HOW TO COMPLETE THIS TASK: Word for word, restate the lines of the data from the first through the one containing "assert (Hab : a", and nothing else.
======== DATA TO EXAMINE ========
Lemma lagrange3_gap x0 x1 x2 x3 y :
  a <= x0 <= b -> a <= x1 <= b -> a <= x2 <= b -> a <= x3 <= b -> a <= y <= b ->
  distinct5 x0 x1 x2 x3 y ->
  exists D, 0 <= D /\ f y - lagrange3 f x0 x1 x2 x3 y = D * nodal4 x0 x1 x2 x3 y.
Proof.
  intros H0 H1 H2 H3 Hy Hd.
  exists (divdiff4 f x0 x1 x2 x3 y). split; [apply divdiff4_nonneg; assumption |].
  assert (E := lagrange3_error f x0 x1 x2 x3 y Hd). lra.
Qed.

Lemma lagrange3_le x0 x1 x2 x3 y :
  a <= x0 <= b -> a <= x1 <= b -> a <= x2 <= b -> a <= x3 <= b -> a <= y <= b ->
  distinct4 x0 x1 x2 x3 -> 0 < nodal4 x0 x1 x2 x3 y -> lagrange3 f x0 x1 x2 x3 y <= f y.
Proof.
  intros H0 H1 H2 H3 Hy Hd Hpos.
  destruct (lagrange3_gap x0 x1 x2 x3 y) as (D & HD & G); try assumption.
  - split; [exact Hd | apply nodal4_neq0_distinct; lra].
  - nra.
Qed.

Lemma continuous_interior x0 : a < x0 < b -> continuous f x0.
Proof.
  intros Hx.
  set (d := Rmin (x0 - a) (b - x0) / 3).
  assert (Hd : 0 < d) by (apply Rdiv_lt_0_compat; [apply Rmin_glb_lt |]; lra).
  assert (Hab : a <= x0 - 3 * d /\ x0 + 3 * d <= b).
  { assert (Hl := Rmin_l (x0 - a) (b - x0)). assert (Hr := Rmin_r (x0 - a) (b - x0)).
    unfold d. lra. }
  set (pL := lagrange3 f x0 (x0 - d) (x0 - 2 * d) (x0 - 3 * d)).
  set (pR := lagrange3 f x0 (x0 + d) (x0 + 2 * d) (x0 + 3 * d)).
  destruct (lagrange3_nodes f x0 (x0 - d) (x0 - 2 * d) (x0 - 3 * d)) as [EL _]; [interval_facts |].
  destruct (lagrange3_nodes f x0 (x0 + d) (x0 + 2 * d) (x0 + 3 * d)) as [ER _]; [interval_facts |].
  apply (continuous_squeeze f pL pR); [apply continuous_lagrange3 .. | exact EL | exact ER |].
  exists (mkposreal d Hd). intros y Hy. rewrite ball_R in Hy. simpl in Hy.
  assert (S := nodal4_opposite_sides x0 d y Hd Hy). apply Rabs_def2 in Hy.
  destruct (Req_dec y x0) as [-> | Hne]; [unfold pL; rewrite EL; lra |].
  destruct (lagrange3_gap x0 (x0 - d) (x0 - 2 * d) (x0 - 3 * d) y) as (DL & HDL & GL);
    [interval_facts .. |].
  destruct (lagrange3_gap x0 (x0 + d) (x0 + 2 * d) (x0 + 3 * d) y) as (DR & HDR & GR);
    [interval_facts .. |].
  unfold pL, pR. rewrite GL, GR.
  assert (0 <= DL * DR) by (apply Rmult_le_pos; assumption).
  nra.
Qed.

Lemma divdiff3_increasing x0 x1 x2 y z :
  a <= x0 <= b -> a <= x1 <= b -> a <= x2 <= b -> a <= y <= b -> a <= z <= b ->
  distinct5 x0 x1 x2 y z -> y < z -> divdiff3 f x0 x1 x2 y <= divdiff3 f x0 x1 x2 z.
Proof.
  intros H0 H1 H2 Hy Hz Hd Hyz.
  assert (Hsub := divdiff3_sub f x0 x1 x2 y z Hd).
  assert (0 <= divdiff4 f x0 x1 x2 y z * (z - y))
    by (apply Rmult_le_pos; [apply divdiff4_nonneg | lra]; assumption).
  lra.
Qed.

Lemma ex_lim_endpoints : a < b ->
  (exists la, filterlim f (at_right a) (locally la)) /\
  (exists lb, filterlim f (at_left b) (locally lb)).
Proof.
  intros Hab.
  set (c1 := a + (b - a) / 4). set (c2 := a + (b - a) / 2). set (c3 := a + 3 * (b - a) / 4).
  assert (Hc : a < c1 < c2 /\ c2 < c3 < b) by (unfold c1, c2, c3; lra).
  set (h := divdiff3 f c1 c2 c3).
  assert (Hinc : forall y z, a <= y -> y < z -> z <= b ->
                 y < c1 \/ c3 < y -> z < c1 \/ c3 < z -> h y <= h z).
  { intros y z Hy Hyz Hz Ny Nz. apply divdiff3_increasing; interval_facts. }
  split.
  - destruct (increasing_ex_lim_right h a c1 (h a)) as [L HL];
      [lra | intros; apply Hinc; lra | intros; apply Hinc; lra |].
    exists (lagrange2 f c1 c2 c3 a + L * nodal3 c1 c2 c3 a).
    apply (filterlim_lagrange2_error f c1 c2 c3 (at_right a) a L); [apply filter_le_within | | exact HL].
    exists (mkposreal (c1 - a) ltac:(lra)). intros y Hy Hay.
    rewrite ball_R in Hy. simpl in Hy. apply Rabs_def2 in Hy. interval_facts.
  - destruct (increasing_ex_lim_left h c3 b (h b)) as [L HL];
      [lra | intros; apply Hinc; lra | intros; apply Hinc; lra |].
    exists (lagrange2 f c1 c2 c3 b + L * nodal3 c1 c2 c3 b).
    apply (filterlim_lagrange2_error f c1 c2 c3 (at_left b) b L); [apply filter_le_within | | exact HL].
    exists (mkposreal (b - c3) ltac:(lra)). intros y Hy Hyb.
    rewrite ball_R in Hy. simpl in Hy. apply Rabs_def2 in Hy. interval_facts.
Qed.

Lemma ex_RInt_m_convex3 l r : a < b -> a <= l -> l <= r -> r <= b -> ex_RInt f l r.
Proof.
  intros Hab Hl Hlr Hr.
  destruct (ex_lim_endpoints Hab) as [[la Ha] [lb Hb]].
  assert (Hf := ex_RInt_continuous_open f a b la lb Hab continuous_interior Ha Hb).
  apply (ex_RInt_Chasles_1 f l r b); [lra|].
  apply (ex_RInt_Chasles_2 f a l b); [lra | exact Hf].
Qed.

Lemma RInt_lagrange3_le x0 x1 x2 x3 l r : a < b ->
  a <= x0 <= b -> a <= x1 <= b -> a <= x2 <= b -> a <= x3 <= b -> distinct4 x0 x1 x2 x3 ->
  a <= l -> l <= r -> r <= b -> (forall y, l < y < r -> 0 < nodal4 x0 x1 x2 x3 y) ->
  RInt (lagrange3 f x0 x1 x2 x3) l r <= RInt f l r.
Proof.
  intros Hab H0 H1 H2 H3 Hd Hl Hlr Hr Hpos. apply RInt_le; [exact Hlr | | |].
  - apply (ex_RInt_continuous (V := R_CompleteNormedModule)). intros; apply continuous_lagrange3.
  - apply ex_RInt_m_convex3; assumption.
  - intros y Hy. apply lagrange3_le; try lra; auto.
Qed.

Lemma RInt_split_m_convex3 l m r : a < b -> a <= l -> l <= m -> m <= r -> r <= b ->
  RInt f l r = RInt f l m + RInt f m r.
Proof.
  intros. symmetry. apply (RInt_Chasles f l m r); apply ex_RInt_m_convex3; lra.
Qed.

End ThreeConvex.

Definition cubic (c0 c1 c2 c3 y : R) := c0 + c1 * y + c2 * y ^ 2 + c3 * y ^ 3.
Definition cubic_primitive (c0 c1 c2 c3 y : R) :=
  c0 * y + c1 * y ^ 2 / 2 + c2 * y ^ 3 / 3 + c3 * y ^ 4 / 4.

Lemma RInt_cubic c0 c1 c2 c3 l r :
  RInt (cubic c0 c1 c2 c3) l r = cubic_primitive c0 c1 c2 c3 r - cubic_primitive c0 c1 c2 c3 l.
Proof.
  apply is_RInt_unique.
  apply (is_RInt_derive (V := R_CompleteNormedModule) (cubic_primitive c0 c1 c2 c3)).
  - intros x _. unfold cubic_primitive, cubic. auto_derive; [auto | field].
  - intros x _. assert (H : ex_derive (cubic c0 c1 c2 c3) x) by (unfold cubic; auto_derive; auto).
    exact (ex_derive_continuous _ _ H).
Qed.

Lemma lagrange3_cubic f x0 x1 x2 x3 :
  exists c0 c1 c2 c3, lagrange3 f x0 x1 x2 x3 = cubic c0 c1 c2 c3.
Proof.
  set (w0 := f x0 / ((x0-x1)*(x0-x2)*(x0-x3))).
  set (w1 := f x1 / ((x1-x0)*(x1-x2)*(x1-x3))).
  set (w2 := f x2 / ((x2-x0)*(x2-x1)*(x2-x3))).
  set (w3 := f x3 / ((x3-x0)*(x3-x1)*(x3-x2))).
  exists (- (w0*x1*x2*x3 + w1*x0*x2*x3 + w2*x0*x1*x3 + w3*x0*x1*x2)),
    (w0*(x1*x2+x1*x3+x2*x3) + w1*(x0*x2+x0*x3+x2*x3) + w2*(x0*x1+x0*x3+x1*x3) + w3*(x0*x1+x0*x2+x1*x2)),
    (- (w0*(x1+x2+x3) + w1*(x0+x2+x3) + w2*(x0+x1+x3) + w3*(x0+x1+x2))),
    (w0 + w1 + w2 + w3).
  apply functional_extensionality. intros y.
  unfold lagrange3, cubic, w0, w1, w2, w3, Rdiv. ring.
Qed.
========
ANSWER SECTION:
Lemma lagrange3_gap x0 x1 x2 x3 y :
  a <= x0 <= b -> a <= x1 <= b -> a <= x2 <= b -> a <= x3 <= b -> a <= y <= b ->
  distinct5 x0 x1 x2 x3 y ->
  exists D, 0 <= D /\ f y - lagrange3 f x0 x1 x2 x3 y = D * nodal4 x0 x1 x2 x3 y.
Proof.
  intros H0 H1 H2 H3 Hy Hd.
  exists (divdiff4 f x0 x1 x2 x3 y). split; [apply divdiff4_nonneg; assumption |].
  assert (E := lagrange3_error f x0 x1 x2 x3 y Hd). lra.
Qed.

Lemma lagrange3_le x0 x1 x2 x3 y :
  a <= x0 <= b -> a <= x1 <= b -> a <= x2 <= b -> a <= x3 <= b -> a <= y <= b ->
  distinct4 x0 x1 x2 x3 -> 0 < nodal4 x0 x1 x2 x3 y -> lagrange3 f x0 x1 x2 x3 y <= f y.
Proof.
  intros H0 H1 H2 H3 Hy Hd Hpos.
  destruct (lagrange3_gap x0 x1 x2 x3 y) as (D & HD & G); try assumption.
  - split; [exact Hd | apply nodal4_neq0_distinct; lra].
  - nra.
Qed.

Lemma continuous_interior x0 : a < x0 < b -> continuous f x0.
Proof.
  intros Hx.
  set (d := Rmin (x0 - a) (b - x0) / 3).
  assert (Hd : 0 < d) by (apply Rdiv_lt_0_compat; [apply Rmin_glb_lt |]; lra).
  assert (Hab : a <= x0 - 3 * d /\ x0 + 3 * d <= b).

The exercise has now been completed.